Emekliler... Hayatın yükünü omuzlamış, yıllarını çalışarak geçirmiş, şimdi ise yaşlılık aylığı ile hayatta kalmaya çalışan vefakâr vatandaşlarımız. Onlar için çoğu zaman “bir ayağı dünyada, bir ayağı mezarda” derler. Ancak bugün, onların içlerindeki haykırışı duyurmak boynumuzun borcu oldu.
Sık sık sohbetlerde sitem ederler: “Aytekin Bey, emeklilerin sorunlarını neden köşenize taşımıyorsunuz? Sesimizi neden duyurmuyorsunuz?” diye. Aslında onları çok iyi anlıyorum, çünkü ben de bir asgari ücretli emekliyim. Batman’da aldığım emekli maaşı bir ev kirasına dahi yetmiyor.
Bu hafta emekli kardeşlerimizin sesi olmayı görev bildim. Elbette yerel bir gazetenin etkisi ne kadar olur bilinmez, ancak Batman Pusula Gazetesi'nin her sayısının Meclis’e kadar ulaştığını biliyorum. Sosyal medya ve internet üzerinden de sesimizi duyuruyoruz. Fakat yine de, kim duyar bilinmez...
Açlık Sınırının Altında Yaşamak
Gelin görün ki, asgari ücretli emeklinin aldığı yaşlılık aylığı, açlık sınırının çok altında kaldı. TÜİK verilerine göre açlık sınırı 23.500 TL iken, emeklinin aldığı maaş 14.500 ile 17.000 TL arasında değişiyor. Bu maaşla ne kira ödenir ne de pazara çıkılır. Hatta hastalanınca doktora gitmek bile lüks hâline geldi.
Peki ya prim farkları? Altı bin, yedi bin, hatta dokuz bin gün prim ödeyen emekliyle üç bin beş yüz gün prim ödeyen EYT emeklisinin aynı maaşı alması adalet midir? Arada büyük bir prim ödeme farkı varken, nasıl oluyor da aynı maaş bağlanıyor?
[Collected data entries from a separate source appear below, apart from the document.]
Lemma tree_flow_eq0 (F : fieldType) (g : 'I_(ne t) -> F) : is_tree t ->
  (forall v, v != vinf t ->
     \sum_(e | esrc t e == v) g e - \sum_(e | etgt t e == v) g e = 0) ->
  forall e, g e = 0.
Proof.
move=> tree div0.
pose div v := \sum_(e | esrc t e == v) g e - \sum_(e | etgt t e == v) g e.
have div_inf : div (vinf t) = 0.
  have : \sum_v div v = 0.
    have sum_fibers (p : 'I_(ne t) -> 'I_(nv t)) :
        \sum_v \sum_(e | p e == v) g e = \sum_e g e.
      by rewrite [RHS](partition_big p predT).
    by rewrite sumrB !sum_fibers subrr.
  by rewrite (bigD1 (vinf t)) //= big1 ?addr0 // => v /div0.
have gM : \row_e g e *m (incidence_mx F)^T = 0.
  apply/rowP => v; rewrite !mxE.
  under eq_bigr do rewrite !mxE mulrBr.
  rewrite sumrB !sum_mul_nat_eq.
  by case: (eqVneq v (vinf t)) => [->|/div0].
have free : row_free (incidence_mx F)^T by rewrite /row_free mxrank_tr mxrank_incidence.
have /rowP gE := row_free_inj free (etrans gM (esym (mul0mx _ _))).
by move=> e; move: (gE e); rewrite !mxE.
Qed.

Lemma tree_int_flow_eq0 (g : 'I_(ne t) -> 'rV[int]_r) : is_tree t ->
  (forall v, v != vinf t ->
     \sum_(e | esrc t e == v) g e - \sum_(e | etgt t e == v) g e = 0) ->
  forall e, g e = 0.
Proof.
move=> tree div0 e; apply/rowP => k; apply/eqP; rewrite mxE -(eqr_int rat).
apply/eqP; apply: (tree_flow_eq0 (g := fun e => (g e 0 k)%:~R)) => // v /div0.
move/(congr1 (fun M : 'rV[int]_r => (M 0 k)%:~R : rat)).
by rewrite !mxE !summxE rmorphB !rmorph_sum.
Qed.

Lemma type_ok_tree : type_ok t -> is_tree t.
Proof. by case. Qed.

End DiskTypeCombinatorics.

Lemma inord_inj (n a b : nat) :
  (a <= n)%N -> (b <= n)%N -> inord a = inord b :> 'I_n.+1 -> a = b.
Proof. by move=> an bn /(congr1 val); rewrite /= !inordK. Qed.

Definition pad (m : nat) (f : 'I_m -> nat) (i : nat) : nat :=
  if insub i is Some x then f x else 0%N.

Lemma padE (m : nat) (f : 'I_m -> nat) (x : 'I_m) : pad f x = f x.
Proof. by rewrite /pad valK. Qed.

Lemma pad_code_eq (N m m' : nat) (f : 'I_m -> nat) (f' : 'I_m' -> nat)
    (eq_m : m = m') :
  (m <= N)%N -> (forall x, f x <= N)%N -> (forall x, f' x <= N)%N ->
  [ffun i : 'I_N => inord (pad f i) : 'I_N.+1]
  = [ffun i : 'I_N => inord (pad f' i) : 'I_N.+1] ->
  forall x, f' (cast_ord eq_m x) = f x.
Proof.
move=> mN fN f'N /ffunP codeE x; have xN : (x < N)%N := leq_trans (ltn_ord x) mN.
have padN g : (forall y, g y <= N)%N -> (forall i, pad g i <= N)%N.
  by move=> gN i; rewrite /pad; case: insub.
move: (codeE (Ordinal xN)); rewrite !ffunE /=.
move/(inord_inj (padN _ _ fN _) (padN _ _ f'N _)).
by rewrite -(padE f') padE.
Qed.

Section CombinatorialCode.
Variables (r : nat) (S : finType).

(* (#vertices, V_infty, edge sources, edge targets, leg vertices); edges get
   #|S| slots, enough since ne t < #|S| for well-formed types. *)
Definition graph_codes : finType :=
  ('I_#|S|.+1 * 'I_#|S|.+1 * {ffun 'I_#|S| -> 'I_#|S|.+1}
    * {ffun 'I_#|S| -> 'I_#|S|.+1} * {ffun S -> 'I_#|S|.+1})%type.

Definition graph_code (t : disk_type r S) : graph_codes :=
  (inord (nv t), inord (vinf t),
   [ffun i : 'I_#|S| => inord (pad (fun e => val (esrc t e)) i)],
   [ffun i : 'I_#|S| => inord (pad (fun e => val (etgt t e)) i)],
   [ffun s => inord (leg t s)]).

Lemma type_ok_card_vertices (t : disk_type r S) : type_ok t -> (nv t <= #|S|)%N.
Proof. by move=> ok; have := type_ok_card_legs ok; case: ok => -[_ nvE] _ _ _ _; lia. Qed.

Definition same_graph (t t' : disk_type r S) (eq_nv : nv t = nv t')
    (eq_ne : ne t = ne t') :=
  [/\ vinf t' = cast_ord eq_nv (vinf t),
      (forall e, esrc t' (cast_ord eq_ne e) = cast_ord eq_nv (esrc t e)),
      (forall e, etgt t' (cast_ord eq_ne e) = cast_ord eq_nv (etgt t e)) &
      (forall s, leg t' s = cast_ord eq_nv (leg t s))].

Lemma graph_code_inj (t t' : disk_type r S) :
  type_ok t -> type_ok t' -> graph_code t = graph_code t' ->
  exists (eq_nv : nv t = nv t') (eq_ne : ne t = ne t'), same_graph eq_nv eq_ne.
Proof.
move=> ok ok' [nvE vinfE srcE tgtE legE].
have nvS := type_ok_card_vertices ok; have nvS' := type_ok_card_vertices ok'.
have neS := type_ok_card_legs ok.
have vS (u : 'I_(nv t)) : (u <= #|S|)%N by apply: leq_trans (ltnW (ltn_ord u)) nvS.
have vS' (u : 'I_(nv t')) : (u <= #|S|)%N by apply: leq_trans (ltnW (ltn_ord u)) nvS'.
have eq_nv : nv t = nv t' by apply: inord_inj nvE.
have eq_ne : ne t = ne t'.
  by case: ok => -[_ E] _ _ _ _; case: ok' => -[_ E'] _ _ _ _; apply/eq_add_S; rewrite E E'.
exists eq_nv, eq_ne; split.
- by apply/val_inj; symmetry; apply: inord_inj vinfE.
- move=> e; apply/val_inj => /=.
  exact: (pad_code_eq (f := fun e => val (esrc t e)) (f' := fun e => val (esrc t' e))
           eq_ne (ltnW neS) (fun e => vS _) (fun e => vS' _) srcE).
- move=> e; apply/val_inj => /=.
  exact: (pad_code_eq (f := fun e => val (etgt t e)) (f' := fun e => val (etgt t' e))
           eq_ne (ltnW neS) (fun e => vS _) (fun e => vS' _) tgtE).
- move=> s; apply/val_inj; symmetry; apply: inord_inj (vS _) (vS' _) _.
  by move/ffunP/(_ s): legE; rewrite !ffunE.
Qed.

End CombinatorialCode.

Lemma sum_enum_val (V : nmodType) (T : finType) (h : T -> V) :
  \sum_(i < #|T|) h (enum_val i) = \sum_x h x.
Proof. by rewrite -(big_enum_val (A := T)); apply: eq_bigl => x; rewrite inE. Qed.

Definition int_mx (F : nzRingType) (X Y : finType) (c : X -> Y -> int)
    : 'M[F]_(#|X|, #|Y|) :=
  \matrix_(i, j) (c (enum_val i) (enum_val j))%:~R.

Definition select_mx (F : nzRingType) (X : finType) (n : nat) (f : 'I_n -> X)
    : 'M[F]_(#|X|, n) :=
  \matrix_(i, j) (enum_val i == f j)%:R.

Lemma mul_int_mx (F : nzRingType) (X Y : finType) (c : X -> Y -> int)
    (z : 'rV[F]_#|X|) (y : Y) :
  (z *m int_mx F c) 0 (enum_rank y) = \sum_x z 0 (enum_rank x) * (c x y)%:~R.
Proof.
rewrite !mxE -[RHS]sum_enum_val.
by apply: eq_bigr => i _; rewrite !mxE enum_valK enum_rankK.
Qed.

Lemma mul_select_mx (F : nzRingType) (X : finType) (n : nat) (f : 'I_n -> X)
    (z : 'rV[F]_#|X|) :
  z *m select_mx F f = \row_j z 0 (enum_rank (f j)).
Proof.
apply/rowP => j; rewrite !mxE.
under eq_bigr do rewrite mxE.
rewrite sum_mul_nat_eq (big_pred1 (enum_rank (f j))) // => i /=.
by apply/eqP/eqP => [<-|->]; rewrite ?enum_valK ?enum_rankK.
Qed.

Lemma map_int_mx (F K : nzRingType) (phi : {rmorphism F -> K}) (X Y : finType)
    (c : X -> Y -> int) :
  map_mx phi (int_mx F c) = int_mx K c.
Proof. by apply/matrixP => i j; rewrite !mxE rmorph_int. Qed.

Lemma map_select_mx (F K : nzRingType) (phi : {rmorphism F -> K}) (X : finType)
    (n : nat) (f : 'I_n -> X) :
  map_mx phi (select_mx F f) = select_mx K f.
Proof. by apply/matrixP => i j; rewrite !mxE rmorph_nat. Qed.

Lemma lpairE (R : realType) (r : nat) (n : 'rV[int]_r) (x : 'rV[R]_r) :
  lpair n x = (x *m (rvec R n)^T) 0 0.
Proof. by rewrite /lpair !mxE; apply: eq_bigr => k _; rewrite !mxE mulrC. Qed.

Lemma lpair_lin (R : realType) (r : nat) (n : 'rV[int]_r) (a b : R) (x y : 'rV[R]_r) :
  lpair n (a *: x - b *: y) = a * lpair n x - b * lpair n y.
Proof.
rewrite /lpair !mulr_sumr -sumrB; apply: eq_bigr => k _; rewrite !mxE; ring.
Qed.

Lemma dot_self_eq0 (R : realFieldType) (n : nat) (x : 'rV[R]_n) :
  x *m x^T = 0 -> x = 0.
Proof.
move/rowP/(_ 0); rewrite !mxE => sq0; apply/rowP => k; rewrite mxE.
have sq_ge0 j : 0 <= x 0 j * x^T j 0 by rewrite mxE -expr2 sqr_ge0.
move: (psumr_eq0P (fun j _ => sq_ge0 j) sq0 (i := k) isT) => /eqP.
by rewrite mxE mulf_eq0 orbb => /eqP.
Qed.

Lemma row_sub_of_ker_sub (R : realFieldType) (n : nat) (u1 u2 : 'rV[R]_n) :
  u1 != 0 -> (forall x : 'rV[R]_n, x *m u1^T = 0 -> x *m u2^T = 0) ->
  (u2 <= u1)%MS.
Proof.
move=> u1_neq0 ker_sub.
pose a := (u1 *m u1^T) 0 0; pose lam := (u2 *m u1^T) 0 0 / a.
have a_neq0 : a != 0.
  apply: contra u1_neq0 => /eqP a0.
  by apply/eqP/dot_self_eq0; rewrite [LHS]mx11_scalar -/a a0 raddf0.
pose x := u2 - lam *: u1.
have x_u1 : x *m u1^T = 0.
  rewrite mulmxBl -scalemxAl [u2 *m _]mx11_scalar [u1 *m _]mx11_scalar -/a.
  by rewrite scale_scalar_mx divfK // subrr.
have x_u2 := ker_sub x x_u1.
have : x *m x^T = 0.
  by rewrite linearB /= linearZ /= mulmxBr -scalemxAr x_u1 x_u2 scaler0 subrr.
move/dot_self_eq0/eqP; rewrite subr_eq0 => /eqP ->.
exact: scalemx_sub.
Qed.

Definition int_scale (r : nat) (q : 'rV[rat]_r) : 'rV[int]_r :=
  \row_k (numq (q 0 k) * \prod_(j | j != k) denq (q 0 j)).

Lemma denq_prod_neq0 (R : realType) (r : nat) (q : 'rV[rat]_r) :
  ((\prod_j denq (q 0 j))%:~R : R) != 0.
Proof. by rewrite intr_eq0; apply/prodf_neq0 => j _; apply: denq_neq0. Qed.

Lemma rvec_int_scale (R : realType) (r : nat) (q : 'rV[rat]_r) :
  rvec R (int_scale q) = ((\prod_j denq (q 0 j))%:~R : R) *: map_mx ratr q.
Proof.
apply/rowP => k; rewrite !mxE [in RHS](bigD1 k) //= !intrM.
have -> : (numq (q 0 k))%:~R = ratr (q 0 k) * (denq (q 0 k))%:~R :> R.
  by have := congr1 (ratr : rat -> R) (numqE (q 0 k)); rewrite rmorphM /= !ratr_int.
ring.
Qed.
Emekliler bu hesabı anlamakta zorlanıyor.
Kamu Emeklisi ile Asgari Ücretli Arasındaki Uçurum
Bir başka sorun ise kamu işçisi emeklileriyle asgari ücretli emekliler arasındaki uçurum... Kamu işçisi emeklisi 60-70 bin TL maaş alırken, asgari ücretli emeklinin maaşı bunun üçte biri bile değil. Önümüzdeki yıllarda bu fark daha da açılacak ve kamu işçisi emeklilerinin maaşları 100 bin TL’yi bulacak. Bu uçurumun mutlaka kapanması gerekiyor.
Geçim İmkânsız Hâle Geliyor
Bir zamanlar asgari ücretin üstünde seyreden emekli maaşları, artık asgari ücretin de altında kalmış durumda. Hükümetin bu feryadı duyması gerekiyor. Maliye Bakanı’nın bu konuda bir çalışma başlattığını biliyoruz, ancak henüz bir açıklama yapılmadı.
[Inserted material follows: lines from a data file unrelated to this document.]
(* Let $\mathcal F=(f_t)$ be a continuous flow on a compact metric space $(X,d)$, and suppose $\nu$ is an $(\mathcal F\times\mathcal F)$-invariant Borel probability measure on $X\times X$ which is product expansive at scale $\varepsilon$. Let $\gamma\in(0,\varepsilon/2)$ and for each $t>0$ let $\mathscr A_t$ be a partition adapted to a $(t,\gamma)$-separated set of maximal cardinality. Let $Q\subset X\times X$ be a measurable set with $(f_t\times f_s)Q=Q$ for all $t,s\in\mathbb{R}$. Then for every $\alpha>0$ there exists $t_0$ such that for every $t\ge t_0$ there is a set $U$ which is a union of elements of $\mathscr A_t$ with $\nu(U\triangle Q)<\alpha$.
   Context: $X\times X$ has metric $\tilde d((x,y),(w,z))=\max\{d(x,w),d(y,z)\}$ and product flow $(f_t\times f_t)$; Bowen balls $B_t(p,r)=\{q:\tilde d((f_s\times f_s)p,(f_s\times f_s)q)<r\ \forall s\in[0,t]\}$. A partition $\mathscr A$ is adapted to a maximal $(t,\gamma)$-separated set $E$ if each element $A$ satisfies $B_t(p,\gamma/2)\subset A\subset\overline{B_t}(p,\gamma)$ for some $p\in E$. Product expansive at scale $\varepsilon$: $\nu(\mathrm{NE}^\times(\varepsilon))=0$, where $\Gamma_\varepsilon(x,y)=\{(x',y'):\tilde d((f_tx,f_ty),(f_tx',f_ty'))<\varepsilon\ \forall t\in\mathbb{R}\}$ and $\mathrm{NE}^\times(\varepsilon)=\{(x,y):\Gamma_\varepsilon(x,y)\not\subset f_{[-s,s]}(x)\times f_{[-s,s]}(y)\text{ for any }s>0\}$, with $f_{[-s,s]}(x)=\{f_rx:r\in[-s,s]\}$. *)

From HB Require Import structures.
From mathcomp Require Import all_boot all_order all_algebra.
From mathcomp Require Import all_classical all_reals all_analysis.
Set Implicit Arguments. Unset Strict Implicit. Unset Printing Implicit Defensive.
Import Order.TTheory GRing.Theory Num.Theory.
Local Open Scope classical_set_scope.
Local Open Scope ring_scope.

Section Defs.
Context {R : realType}.

Definition is_metric {T : Type} (d : T -> T -> R) : Prop :=
  (forall x y, 0 <= d x y) /\ (forall x y, d x y = 0 <-> x = y) /\
  (forall x y, d x y = d y x) /\ (forall x y z, d x z <= d x y + d y z).

Definition dopen {T : Type} (d : T -> T -> R) (A : set T) : Prop :=
  forall x, A x -> exists2 r, 0 < r & forall y, d x y < r -> A y.

Definition dcompact {T : Type} (d : T -> T -> R) : Prop :=
  forall (I : Type) (U : I -> set T), (forall i, dopen d (U i)) ->
  (forall x, exists i, U i x) ->
  exists2 J : set I, finite_set J & forall x, exists2 i, J i & U i x.

Definition is_cont_flow {T : Type} (d : T -> T -> R) (f : R -> T -> T) : Prop :=
  (forall x, f 0 x = x) /\ (forall t s x, f (t + s) x = f t (f s x)) /\
  (forall t x (e : R), 0 < e -> exists2 del, 0 < del & forall t' x',
      `|t - t'| < del -> d x x' < del -> d (f t x) (f t' x') < e).

Definition dprod {T : Type} (d : T -> T -> R) (p q : T * T) : R :=
  Num.max (d p.1 q.1) (d p.2 q.2).

Definition pflow {T : Type} (f : R -> T -> T) (t : R) (p : T * T) : T * T :=
  (f t p.1, f t p.2).

Definition Borel2 {T : Type} (d : T -> T -> R) : set (set (T * T)) :=
  dopen (dprod d).

Definition bowen {T : Type} (d : T -> T -> R) (f : R -> T -> T) (t : R)
  (p : T * T) (r : R) : set (T * T) :=
  [set q | forall s, 0 <= s <= t -> dprod d (pflow f s p) (pflow f s q) < r].
Definition cbowen {T : Type} (d : T -> T -> R) (f : R -> T -> T) (t : R)
  (p : T * T) (r : R) : set (T * T) :=
  [set q | forall s, 0 <= s <= t -> dprod d (pflow f s p) (pflow f s q) <= r].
Bugün emekli maaşı, kaloriferli bir evin kirasına bile yetmiyor. Eğer bir asgari ücretli emeklinin başını sokacak bir evi yoksa, aile desteği almıyorsa, belki de yakında onları çadırda yaşarken göreceğiz. Durum gerçekten bu kadar vahim.
Sesimize Kulak Verin!
Değerli yetkililer, sesimizi duyun! Asgari ücretli emeklinin maaşlarına acilen bir düzenleme getirilmesi gerekiyor. Emeklilik prim katsayısının adil şekilde belirlenmesi, özel sektörde çalışan işçilerin primlerinin doğru yatırılması ve mağduriyetlerinin giderilmesi şart.
Bu köşe yazısı, asgari ücretli emeklinin sesi olabilmek adına kaleme alındı. Umuyorum ki sesimiz duyulur ve maaşlarda gerekli düzenlemeler yapılır.
Hoşça kalın...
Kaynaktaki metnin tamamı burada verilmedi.